In any case, we can see that the paradigm for the post-war economy was created during the worlds wars. The original purpose of growing the monetised economy had been to defeat the enemy. But what would be its purpose once the enemy was defeated? What happened was that “the economy”, which now referred exclusively to monetised transactions, became an end in itself. The purpose of growth was more growth. The GDP went from being a fairly useful measure of wartime production to a quasi-religious indicator of economic virtue.

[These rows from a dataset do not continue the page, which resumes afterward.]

(** * A one-sided comparison (Gronwall-type) principle *)

(* If w a <= 0 but w t1 > 0, there is a last zero c of w before t1, after
   which w stays positive (c is the supremum of {x in [a, t1] | w x <= 0}). *)
Lemma last_zero_before_positive (a b t1 : R) (w : R -> R) :
  (forall t, a <= t <= b -> continuous_within (fun x => a <= x <= b) w t) ->
  w a <= 0 -> a <= t1 <= b -> 0 < w t1 ->
  exists c, a <= c < t1 /\ w c = 0 /\ forall x, c < x <= t1 -> 0 < w x.
Proof.
  intros Hc Ha Ht1 Hpos.
  set (E := fun x => a <= x <= t1 /\ w x <= 0).
  assert (Hb : bound E) by (exists t1; intros x [Hx _]; lra).
  assert (He : exists x, E x) by (exists a; unfold E; lra).
  destruct (completeness E Hb He) as [c [Hub Hlub]].
  assert (Hac : a <= c) by (apply Hub; unfold E; lra).
  assert (Hct : c <= t1) by (apply Hlub; intros x [Hx _]; lra).
  assert (After : forall x, c < x <= t1 -> 0 < w x).
  { intros x Hx. destruct (Rlt_dec 0 (w x)) as [p|p]; auto.
    assert (Ex : E x) by (split; lra). specialize (Hub x Ex). lra. }
  pose proof (Hc c ltac:(lra)) as Hcc.
  assert (Wc_le : w c <= 0).
  { destruct (Rle_dec (w c) 0) as [p|p]; auto. apply Rnot_le_lt in p.
    destruct (Hcc (w c) p) as [d [Hd0 Hdd]].
    assert (c <= c - d / 2); [|lra]. apply Hlub. intros x [Hx Hwx].
    destruct (Rle_dec x (c - d / 2)) as [q|q]; auto.
    assert (x <= c) by (apply Hub; split; auto).
    specialize (Hdd x ltac:(lra) ltac:(rewrite Rabs_left1 by lra; lra)).
    apply Rabs_def2 in Hdd. lra. }
  assert (Hct2 : c < t1) by (destruct Hct as [H | H]; [exact H | subst; lra]).
  exists c. repeat split; auto.
  destruct Wc_le as [p|p]; auto. exfalso.
  destruct (Hcc (- w c) ltac:(lra)) as [d [Hd0 Hdd]].
  set (x := Rmin (c + d / 2) t1).
  assert (c < x <= t1 /\ x <= c + d / 2) as [Hx Hx']
    by (unfold x; split; [split; [apply Rmin_glb_lt|apply Rmin_r]|apply Rmin_l]; lra).
  specialize (Hdd x ltac:(lra) ltac:(rewrite Rabs_right by lra; lra)).
  apply Rabs_def2 in Hdd. specialize (After x Hx). lra.
Qed.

While the Cold War was ongoing, this fixation on the economy still had some element of higher purpose in the fight against communism. But the collapse of the USSR put an end to that. With nobody left to fight, we elevated the economy to the rank of demigod through the neoliberal agenda. The last vestiges of the notion that the economy should serve some higher purpose were dismissed. It would now be society which was subordinate to the economy.
Of course, the financialisation process had begun well before then. The neoliberal agenda simply elevated it to the official state religion; well, the globalist religion. The result is a system that runs on the very simple rule that we mentioned at the beginning of this post: monetise everything. Finance has now been allowed to intervene in every aspect of life. Nothing happens anymore without money changing hands.
Perhaps the easiest way to see that is to look at all the activities that would once have belonged inextricably to the non-monetary economy of the household. Nobody even has the idea of growing their own food anymore. Making or mending clothes is a forgotten skill. The raising of children has been outsourced to schools and childcare centres. Even the preparation and cooking of food has been handed over to the market, if the prevalence of food delivery drivers on scooters is any indication. The household is now a place of consumption, not production. It, too, has been monetised.
So complete has the financialisation process been in the last few decades that, at this point, you’d have to say that we are running out of things to monetise. Perhaps the next step will be to start charging people for the privilege of existing. How about a fixed rate of $1.95 for every hour you’re alive. We’ll call it the Life Tax. Or maybe $0.01 per breath taken: the Oxygen Tax. Wim Hof could adapt his deep breathing technique to help lower the amount of tax us useless breathers need to pay to the bankers and bureaucrats.
Jokes aside, it really does seem that we have now entered a period where there is nothing left to monetise and the financial system is metabolising society instead. We need to get back to the idea that the economy should serve us, not the other way around. In order to get there, however, we’ll have to figure out some value system other than the Dogma of Money.